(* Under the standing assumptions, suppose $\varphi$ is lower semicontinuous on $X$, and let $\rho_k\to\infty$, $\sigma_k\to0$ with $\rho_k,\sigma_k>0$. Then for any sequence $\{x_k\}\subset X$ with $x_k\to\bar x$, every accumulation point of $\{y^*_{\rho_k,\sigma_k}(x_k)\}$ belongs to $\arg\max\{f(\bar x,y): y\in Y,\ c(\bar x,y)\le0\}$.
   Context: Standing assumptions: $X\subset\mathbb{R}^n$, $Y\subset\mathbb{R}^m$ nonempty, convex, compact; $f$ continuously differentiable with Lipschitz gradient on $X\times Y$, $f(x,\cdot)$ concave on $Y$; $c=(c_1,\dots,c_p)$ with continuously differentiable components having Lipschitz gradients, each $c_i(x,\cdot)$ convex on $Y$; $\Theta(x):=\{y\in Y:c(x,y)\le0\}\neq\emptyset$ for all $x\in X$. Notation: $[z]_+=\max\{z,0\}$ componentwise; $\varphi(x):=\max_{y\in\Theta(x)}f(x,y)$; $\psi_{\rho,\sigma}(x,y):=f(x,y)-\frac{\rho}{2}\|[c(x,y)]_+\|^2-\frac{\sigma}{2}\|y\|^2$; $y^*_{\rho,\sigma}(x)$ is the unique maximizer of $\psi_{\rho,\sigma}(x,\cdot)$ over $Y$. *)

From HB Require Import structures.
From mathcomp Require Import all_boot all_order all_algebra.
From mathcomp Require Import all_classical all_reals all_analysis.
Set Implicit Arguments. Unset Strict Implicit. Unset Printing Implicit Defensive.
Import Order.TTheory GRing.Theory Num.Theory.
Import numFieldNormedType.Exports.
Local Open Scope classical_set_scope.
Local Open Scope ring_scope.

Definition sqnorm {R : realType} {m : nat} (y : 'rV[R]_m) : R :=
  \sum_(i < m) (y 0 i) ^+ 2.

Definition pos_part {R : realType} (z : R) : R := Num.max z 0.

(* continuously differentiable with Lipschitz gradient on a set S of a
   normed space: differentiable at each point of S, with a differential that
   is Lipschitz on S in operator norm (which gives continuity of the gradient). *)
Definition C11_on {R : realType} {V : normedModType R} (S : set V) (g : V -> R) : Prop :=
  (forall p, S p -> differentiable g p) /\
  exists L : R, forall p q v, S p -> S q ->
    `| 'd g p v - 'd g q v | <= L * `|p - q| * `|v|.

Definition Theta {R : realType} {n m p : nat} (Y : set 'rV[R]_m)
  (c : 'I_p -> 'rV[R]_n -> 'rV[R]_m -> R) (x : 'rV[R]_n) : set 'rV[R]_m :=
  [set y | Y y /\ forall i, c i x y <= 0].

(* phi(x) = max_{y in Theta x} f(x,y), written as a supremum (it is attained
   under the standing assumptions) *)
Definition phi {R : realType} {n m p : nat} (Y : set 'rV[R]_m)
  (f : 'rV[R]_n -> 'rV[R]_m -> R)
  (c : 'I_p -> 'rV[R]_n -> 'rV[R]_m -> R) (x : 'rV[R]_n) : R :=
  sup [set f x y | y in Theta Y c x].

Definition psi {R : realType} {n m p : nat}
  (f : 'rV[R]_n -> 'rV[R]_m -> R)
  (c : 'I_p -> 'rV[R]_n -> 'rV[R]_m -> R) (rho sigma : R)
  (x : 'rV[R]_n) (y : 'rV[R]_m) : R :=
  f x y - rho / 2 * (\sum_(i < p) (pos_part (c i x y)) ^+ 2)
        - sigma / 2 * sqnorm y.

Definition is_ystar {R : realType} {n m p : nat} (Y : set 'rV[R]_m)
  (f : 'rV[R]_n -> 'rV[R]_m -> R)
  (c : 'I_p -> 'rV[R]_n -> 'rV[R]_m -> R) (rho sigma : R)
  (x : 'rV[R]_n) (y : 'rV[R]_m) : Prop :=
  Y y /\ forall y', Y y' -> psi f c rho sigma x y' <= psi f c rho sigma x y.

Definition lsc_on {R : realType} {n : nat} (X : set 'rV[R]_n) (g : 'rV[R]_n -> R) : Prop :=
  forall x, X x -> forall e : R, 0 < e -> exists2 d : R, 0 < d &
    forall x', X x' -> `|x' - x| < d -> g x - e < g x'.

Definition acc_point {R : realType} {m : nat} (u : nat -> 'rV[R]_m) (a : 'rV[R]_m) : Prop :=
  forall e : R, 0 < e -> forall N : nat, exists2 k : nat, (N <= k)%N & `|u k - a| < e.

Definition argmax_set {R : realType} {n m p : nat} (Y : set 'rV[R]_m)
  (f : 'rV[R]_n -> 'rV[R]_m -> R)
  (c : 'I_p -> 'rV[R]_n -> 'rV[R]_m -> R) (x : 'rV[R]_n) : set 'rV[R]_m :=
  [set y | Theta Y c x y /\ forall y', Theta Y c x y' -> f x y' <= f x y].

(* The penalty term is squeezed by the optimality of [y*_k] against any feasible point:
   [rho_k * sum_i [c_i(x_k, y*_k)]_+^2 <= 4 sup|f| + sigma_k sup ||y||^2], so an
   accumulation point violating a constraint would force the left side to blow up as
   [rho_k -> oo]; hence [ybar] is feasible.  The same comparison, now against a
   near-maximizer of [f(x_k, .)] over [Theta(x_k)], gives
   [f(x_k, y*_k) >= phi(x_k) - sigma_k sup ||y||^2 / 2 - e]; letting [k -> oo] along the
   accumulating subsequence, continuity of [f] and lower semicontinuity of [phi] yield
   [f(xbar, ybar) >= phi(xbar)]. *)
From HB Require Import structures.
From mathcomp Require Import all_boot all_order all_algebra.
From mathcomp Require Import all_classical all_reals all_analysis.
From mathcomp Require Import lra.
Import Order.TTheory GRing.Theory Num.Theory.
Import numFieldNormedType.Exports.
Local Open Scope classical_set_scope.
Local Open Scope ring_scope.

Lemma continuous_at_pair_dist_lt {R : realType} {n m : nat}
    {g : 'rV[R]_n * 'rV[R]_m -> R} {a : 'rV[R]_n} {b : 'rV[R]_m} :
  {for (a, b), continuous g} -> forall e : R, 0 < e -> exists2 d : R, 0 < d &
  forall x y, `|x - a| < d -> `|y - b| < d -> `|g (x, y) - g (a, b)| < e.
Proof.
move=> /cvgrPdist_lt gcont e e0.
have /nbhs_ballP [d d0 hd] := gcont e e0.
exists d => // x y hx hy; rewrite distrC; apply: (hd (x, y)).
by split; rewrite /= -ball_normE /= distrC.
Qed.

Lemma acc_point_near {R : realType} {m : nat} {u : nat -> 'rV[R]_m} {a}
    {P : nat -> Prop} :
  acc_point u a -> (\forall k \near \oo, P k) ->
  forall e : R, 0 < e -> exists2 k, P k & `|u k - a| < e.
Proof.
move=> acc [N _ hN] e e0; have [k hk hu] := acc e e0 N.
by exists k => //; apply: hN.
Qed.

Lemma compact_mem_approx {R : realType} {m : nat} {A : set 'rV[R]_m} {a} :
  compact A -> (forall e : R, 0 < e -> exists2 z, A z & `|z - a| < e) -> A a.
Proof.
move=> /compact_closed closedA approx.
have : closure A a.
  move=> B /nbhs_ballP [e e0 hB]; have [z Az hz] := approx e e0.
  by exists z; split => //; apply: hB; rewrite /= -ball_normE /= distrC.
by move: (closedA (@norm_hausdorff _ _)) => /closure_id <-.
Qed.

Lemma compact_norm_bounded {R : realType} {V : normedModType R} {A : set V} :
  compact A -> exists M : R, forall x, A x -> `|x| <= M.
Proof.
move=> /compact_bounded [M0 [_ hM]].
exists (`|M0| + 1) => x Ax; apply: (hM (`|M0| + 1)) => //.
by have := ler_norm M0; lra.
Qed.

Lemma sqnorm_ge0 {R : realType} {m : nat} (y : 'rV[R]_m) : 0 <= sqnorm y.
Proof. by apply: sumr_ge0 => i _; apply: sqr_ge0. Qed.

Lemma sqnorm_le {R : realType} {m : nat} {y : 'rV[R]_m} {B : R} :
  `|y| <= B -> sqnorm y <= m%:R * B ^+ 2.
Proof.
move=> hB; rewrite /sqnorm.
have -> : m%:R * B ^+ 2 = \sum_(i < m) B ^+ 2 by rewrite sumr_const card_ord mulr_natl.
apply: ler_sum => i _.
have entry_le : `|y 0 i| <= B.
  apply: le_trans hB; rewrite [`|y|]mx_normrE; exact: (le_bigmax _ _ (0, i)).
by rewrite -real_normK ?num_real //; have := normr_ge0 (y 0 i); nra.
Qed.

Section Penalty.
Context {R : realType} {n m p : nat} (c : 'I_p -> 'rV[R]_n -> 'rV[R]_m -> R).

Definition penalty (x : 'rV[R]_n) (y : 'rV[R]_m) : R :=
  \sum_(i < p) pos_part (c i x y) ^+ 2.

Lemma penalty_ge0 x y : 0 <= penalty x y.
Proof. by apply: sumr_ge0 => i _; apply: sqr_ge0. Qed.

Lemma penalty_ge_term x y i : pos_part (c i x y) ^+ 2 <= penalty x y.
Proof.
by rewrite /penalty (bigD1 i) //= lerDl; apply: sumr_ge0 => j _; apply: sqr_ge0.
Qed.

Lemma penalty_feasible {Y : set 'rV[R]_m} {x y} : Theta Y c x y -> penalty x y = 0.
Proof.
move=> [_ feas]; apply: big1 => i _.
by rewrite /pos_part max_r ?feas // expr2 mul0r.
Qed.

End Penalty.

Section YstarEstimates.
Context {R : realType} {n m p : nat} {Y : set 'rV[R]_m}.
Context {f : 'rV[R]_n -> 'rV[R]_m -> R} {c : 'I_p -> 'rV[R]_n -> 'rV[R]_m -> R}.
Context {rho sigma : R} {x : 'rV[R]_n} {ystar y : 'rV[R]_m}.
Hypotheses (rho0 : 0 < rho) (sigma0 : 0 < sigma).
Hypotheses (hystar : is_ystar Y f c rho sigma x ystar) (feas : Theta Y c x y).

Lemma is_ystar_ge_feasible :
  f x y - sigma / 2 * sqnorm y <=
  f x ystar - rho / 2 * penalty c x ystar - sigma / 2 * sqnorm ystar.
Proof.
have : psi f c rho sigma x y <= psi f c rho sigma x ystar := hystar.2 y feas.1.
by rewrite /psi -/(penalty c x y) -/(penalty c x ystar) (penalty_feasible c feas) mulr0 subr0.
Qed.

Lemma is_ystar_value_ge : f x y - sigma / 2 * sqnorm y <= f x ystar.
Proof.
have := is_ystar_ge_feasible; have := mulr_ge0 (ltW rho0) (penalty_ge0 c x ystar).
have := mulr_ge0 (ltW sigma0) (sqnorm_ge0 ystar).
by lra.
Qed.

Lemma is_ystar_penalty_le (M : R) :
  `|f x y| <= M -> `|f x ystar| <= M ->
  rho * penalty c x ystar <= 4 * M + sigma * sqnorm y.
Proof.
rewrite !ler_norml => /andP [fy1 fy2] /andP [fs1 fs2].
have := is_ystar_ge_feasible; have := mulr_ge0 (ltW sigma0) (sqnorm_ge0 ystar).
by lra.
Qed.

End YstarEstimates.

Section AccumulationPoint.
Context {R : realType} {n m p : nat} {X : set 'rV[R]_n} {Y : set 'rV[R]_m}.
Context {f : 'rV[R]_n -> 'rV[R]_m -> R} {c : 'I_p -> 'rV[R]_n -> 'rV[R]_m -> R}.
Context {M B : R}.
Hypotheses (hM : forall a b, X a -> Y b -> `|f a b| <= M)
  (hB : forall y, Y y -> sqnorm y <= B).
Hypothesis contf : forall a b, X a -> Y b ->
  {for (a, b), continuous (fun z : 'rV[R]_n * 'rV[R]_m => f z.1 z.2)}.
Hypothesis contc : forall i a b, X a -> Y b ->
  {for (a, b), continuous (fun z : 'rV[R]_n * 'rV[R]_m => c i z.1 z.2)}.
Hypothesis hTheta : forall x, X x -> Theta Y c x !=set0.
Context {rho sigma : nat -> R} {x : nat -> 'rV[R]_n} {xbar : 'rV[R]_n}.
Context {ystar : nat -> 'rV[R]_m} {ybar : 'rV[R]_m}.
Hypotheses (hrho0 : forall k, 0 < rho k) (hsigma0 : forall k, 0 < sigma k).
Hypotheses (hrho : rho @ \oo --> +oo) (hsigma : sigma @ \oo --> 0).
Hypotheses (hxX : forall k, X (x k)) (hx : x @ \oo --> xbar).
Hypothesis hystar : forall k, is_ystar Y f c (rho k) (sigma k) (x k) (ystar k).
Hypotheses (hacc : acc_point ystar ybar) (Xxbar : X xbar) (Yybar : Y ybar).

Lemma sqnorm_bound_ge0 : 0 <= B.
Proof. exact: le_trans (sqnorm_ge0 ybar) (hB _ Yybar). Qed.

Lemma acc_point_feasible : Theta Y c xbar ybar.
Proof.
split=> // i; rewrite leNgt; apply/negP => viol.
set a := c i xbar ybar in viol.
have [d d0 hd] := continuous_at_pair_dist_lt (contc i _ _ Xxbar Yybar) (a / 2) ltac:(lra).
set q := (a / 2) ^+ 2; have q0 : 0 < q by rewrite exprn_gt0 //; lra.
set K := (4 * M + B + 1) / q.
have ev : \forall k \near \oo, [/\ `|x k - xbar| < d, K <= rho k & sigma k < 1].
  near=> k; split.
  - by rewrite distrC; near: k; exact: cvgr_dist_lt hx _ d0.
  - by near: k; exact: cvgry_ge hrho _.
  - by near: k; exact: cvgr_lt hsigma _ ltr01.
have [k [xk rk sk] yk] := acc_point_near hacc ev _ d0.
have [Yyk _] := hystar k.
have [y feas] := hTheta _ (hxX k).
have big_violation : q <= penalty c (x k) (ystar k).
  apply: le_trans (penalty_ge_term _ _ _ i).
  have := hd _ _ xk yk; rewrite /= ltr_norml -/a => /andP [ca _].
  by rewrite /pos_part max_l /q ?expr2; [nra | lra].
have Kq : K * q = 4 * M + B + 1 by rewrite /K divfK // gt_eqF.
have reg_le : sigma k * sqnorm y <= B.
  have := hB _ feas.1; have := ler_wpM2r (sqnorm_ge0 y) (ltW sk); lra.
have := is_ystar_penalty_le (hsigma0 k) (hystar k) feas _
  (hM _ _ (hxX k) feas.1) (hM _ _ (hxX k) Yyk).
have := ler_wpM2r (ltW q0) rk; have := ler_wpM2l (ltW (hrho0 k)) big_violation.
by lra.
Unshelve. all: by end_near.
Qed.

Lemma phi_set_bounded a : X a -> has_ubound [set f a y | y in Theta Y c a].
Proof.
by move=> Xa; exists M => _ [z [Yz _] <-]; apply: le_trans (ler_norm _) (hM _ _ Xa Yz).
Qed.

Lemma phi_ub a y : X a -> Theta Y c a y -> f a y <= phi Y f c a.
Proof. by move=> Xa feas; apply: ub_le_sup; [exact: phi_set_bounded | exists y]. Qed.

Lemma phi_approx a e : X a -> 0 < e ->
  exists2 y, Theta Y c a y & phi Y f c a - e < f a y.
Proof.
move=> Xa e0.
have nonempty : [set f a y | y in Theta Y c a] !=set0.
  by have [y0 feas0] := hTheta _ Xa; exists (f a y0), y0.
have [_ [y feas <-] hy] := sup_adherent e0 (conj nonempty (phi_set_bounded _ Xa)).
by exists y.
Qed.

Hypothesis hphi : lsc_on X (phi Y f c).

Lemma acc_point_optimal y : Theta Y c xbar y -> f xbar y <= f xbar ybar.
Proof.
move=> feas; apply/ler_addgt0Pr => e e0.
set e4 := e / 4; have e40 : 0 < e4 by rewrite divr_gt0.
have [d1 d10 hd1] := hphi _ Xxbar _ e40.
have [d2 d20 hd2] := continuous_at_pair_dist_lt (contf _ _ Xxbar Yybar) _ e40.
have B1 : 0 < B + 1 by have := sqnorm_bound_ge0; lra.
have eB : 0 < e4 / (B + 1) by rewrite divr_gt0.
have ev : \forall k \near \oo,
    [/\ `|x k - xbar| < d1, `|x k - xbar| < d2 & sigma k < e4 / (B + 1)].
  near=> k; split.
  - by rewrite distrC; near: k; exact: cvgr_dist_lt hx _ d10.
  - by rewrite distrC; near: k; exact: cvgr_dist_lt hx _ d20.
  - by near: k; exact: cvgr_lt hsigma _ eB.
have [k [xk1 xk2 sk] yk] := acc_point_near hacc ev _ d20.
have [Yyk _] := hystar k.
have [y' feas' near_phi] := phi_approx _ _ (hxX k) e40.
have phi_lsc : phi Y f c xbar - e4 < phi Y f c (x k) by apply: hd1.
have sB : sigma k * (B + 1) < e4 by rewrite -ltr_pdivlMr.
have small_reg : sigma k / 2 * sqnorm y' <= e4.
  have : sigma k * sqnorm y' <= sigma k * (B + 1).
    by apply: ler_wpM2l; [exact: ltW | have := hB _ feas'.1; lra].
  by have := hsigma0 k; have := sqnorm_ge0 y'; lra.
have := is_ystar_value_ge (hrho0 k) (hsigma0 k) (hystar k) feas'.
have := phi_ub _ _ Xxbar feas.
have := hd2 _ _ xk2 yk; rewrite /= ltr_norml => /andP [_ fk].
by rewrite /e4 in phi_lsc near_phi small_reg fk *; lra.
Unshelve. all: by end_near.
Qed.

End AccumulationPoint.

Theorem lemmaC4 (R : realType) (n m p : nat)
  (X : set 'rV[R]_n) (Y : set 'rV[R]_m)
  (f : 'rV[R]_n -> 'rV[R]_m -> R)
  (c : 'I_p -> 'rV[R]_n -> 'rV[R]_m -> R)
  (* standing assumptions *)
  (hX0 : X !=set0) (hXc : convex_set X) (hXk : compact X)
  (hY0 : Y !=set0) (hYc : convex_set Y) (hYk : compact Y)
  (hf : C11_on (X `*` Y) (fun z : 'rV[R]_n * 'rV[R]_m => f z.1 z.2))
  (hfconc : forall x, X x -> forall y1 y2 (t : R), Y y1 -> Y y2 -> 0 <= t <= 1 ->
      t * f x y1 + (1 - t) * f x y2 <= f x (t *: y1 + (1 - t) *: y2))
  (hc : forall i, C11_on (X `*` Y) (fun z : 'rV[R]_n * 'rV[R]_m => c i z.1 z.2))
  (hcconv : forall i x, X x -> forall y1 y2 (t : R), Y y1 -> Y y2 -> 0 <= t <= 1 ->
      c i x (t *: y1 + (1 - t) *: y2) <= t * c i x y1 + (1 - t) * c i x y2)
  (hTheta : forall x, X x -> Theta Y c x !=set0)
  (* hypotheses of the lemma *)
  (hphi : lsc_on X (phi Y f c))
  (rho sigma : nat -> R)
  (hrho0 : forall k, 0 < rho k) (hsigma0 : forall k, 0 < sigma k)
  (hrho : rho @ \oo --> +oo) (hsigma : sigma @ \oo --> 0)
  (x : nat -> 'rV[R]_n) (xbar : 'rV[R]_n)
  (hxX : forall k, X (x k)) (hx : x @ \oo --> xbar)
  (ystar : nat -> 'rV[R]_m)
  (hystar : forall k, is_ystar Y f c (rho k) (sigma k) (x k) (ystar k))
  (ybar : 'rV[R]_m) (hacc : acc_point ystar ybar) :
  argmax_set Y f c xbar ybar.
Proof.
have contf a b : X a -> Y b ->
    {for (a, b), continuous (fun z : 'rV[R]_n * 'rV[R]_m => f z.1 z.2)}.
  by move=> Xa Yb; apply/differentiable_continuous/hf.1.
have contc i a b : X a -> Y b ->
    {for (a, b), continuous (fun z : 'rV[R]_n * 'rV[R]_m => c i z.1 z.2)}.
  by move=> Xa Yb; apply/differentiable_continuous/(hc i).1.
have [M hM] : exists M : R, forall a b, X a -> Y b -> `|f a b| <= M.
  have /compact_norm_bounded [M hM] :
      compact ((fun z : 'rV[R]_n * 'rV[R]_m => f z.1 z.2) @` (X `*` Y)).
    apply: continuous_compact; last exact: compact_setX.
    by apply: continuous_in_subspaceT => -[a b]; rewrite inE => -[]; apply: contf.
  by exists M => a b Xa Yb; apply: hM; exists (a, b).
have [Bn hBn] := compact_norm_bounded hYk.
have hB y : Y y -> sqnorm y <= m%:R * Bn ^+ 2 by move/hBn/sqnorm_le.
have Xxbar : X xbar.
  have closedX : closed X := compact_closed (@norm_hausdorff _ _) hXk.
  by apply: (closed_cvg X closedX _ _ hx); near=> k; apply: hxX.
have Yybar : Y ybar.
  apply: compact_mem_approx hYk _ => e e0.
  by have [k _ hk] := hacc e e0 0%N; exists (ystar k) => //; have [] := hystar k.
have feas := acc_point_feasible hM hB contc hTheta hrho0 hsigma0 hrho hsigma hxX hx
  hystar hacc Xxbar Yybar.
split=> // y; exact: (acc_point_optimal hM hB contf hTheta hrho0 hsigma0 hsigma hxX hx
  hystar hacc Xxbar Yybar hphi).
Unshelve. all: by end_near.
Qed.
--
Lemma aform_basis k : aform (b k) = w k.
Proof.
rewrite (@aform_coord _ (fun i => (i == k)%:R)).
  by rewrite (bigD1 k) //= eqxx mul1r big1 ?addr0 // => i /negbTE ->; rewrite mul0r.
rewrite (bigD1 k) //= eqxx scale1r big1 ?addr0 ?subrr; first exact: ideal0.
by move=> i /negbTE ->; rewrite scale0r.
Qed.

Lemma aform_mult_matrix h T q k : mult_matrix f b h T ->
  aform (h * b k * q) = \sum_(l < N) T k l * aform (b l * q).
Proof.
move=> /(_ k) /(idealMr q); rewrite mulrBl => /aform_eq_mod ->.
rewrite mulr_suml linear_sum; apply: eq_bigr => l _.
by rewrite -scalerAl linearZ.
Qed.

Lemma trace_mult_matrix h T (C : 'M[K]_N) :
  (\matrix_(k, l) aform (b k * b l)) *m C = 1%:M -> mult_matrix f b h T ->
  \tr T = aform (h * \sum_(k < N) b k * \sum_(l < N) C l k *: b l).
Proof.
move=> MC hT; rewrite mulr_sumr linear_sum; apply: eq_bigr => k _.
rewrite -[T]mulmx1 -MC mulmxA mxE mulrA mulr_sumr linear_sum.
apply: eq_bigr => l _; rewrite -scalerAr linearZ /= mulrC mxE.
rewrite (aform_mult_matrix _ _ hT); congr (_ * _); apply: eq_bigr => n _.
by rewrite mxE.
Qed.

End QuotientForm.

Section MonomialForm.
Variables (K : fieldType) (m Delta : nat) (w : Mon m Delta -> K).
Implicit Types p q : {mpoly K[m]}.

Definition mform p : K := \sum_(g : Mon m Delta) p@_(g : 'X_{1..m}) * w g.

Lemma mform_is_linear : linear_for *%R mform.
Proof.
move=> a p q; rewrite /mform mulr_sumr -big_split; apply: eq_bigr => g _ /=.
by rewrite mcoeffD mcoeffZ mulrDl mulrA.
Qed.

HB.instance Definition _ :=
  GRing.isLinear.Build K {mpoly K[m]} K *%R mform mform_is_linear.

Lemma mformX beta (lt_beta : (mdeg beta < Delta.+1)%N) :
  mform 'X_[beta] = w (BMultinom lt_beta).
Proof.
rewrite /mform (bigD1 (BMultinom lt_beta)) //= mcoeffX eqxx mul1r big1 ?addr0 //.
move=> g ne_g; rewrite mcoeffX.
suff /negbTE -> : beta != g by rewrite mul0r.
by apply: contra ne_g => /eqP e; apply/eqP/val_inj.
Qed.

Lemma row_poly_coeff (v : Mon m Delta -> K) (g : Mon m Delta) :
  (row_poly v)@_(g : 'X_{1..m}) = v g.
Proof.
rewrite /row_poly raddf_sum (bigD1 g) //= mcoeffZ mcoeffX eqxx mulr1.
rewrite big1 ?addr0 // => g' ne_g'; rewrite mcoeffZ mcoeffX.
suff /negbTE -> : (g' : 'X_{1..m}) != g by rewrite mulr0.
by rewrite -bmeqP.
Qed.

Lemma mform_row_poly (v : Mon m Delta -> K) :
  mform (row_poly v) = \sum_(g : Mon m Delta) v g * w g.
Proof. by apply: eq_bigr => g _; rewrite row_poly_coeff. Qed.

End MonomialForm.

• [Activity]: Repeat word for word the lines above that run from the line containing "have [d2 d20" through the line containing "(* hypotheses of the lemma *)", both ends included, and nothing else.

• [Response to this task]:
have [d2 d20 hd2] := continuous_at_pair_dist_lt (contf _ _ Xxbar Yybar) _ e40.
have B1 : 0 < B + 1 by have := sqnorm_bound_ge0; lra.
have eB : 0 < e4 / (B + 1) by rewrite divr_gt0.
have ev : \forall k \near \oo,
    [/\ `|x k - xbar| < d1, `|x k - xbar| < d2 & sigma k < e4 / (B + 1)].
  near=> k; split.
  - by rewrite distrC; near: k; exact: cvgr_dist_lt hx _ d10.
  - by rewrite distrC; near: k; exact: cvgr_dist_lt hx _ d20.
  - by near: k; exact: cvgr_lt hsigma _ eB.
have [k [xk1 xk2 sk] yk] := acc_point_near hacc ev _ d20.
have [Yyk _] := hystar k.
have [y' feas' near_phi] := phi_approx _ _ (hxX k) e40.
have phi_lsc : phi Y f c xbar - e4 < phi Y f c (x k) by apply: hd1.
have sB : sigma k * (B + 1) < e4 by rewrite -ltr_pdivlMr.
have small_reg : sigma k / 2 * sqnorm y' <= e4.
  have : sigma k * sqnorm y' <= sigma k * (B + 1).
    by apply: ler_wpM2l; [exact: ltW | have := hB _ feas'.1; lra].
  by have := hsigma0 k; have := sqnorm_ge0 y'; lra.
have := is_ystar_value_ge (hrho0 k) (hsigma0 k) (hystar k) feas'.
have := phi_ub _ _ Xxbar feas.
have := hd2 _ _ xk2 yk; rewrite /= ltr_norml => /andP [_ fk].
by rewrite /e4 in phi_lsc near_phi small_reg fk *; lra.
Unshelve. all: by end_near.
Qed.

End AccumulationPoint.

Theorem lemmaC4 (R : realType) (n m p : nat)
  (X : set 'rV[R]_n) (Y : set 'rV[R]_m)
  (f : 'rV[R]_n -> 'rV[R]_m -> R)
  (c : 'I_p -> 'rV[R]_n -> 'rV[R]_m -> R)
  (* standing assumptions *)
  (hX0 : X !=set0) (hXc : convex_set X) (hXk : compact X)
  (hY0 : Y !=set0) (hYc : convex_set Y) (hYk : compact Y)
  (hf : C11_on (X `*` Y) (fun z : 'rV[R]_n * 'rV[R]_m => f z.1 z.2))
  (hfconc : forall x, X x -> forall y1 y2 (t : R), Y y1 -> Y y2 -> 0 <= t <= 1 ->
      t * f x y1 + (1 - t) * f x y2 <= f x (t *: y1 + (1 - t) *: y2))
  (hc : forall i, C11_on (X `*` Y) (fun z : 'rV[R]_n * 'rV[R]_m => c i z.1 z.2))
  (hcconv : forall i x, X x -> forall y1 y2 (t : R), Y y1 -> Y y2 -> 0 <= t <= 1 ->
      c i x (t *: y1 + (1 - t) *: y2) <= t * c i x y1 + (1 - t) * c i x y2)
  (hTheta : forall x, X x -> Theta Y c x !=set0)
  (* hypotheses of the lemma *)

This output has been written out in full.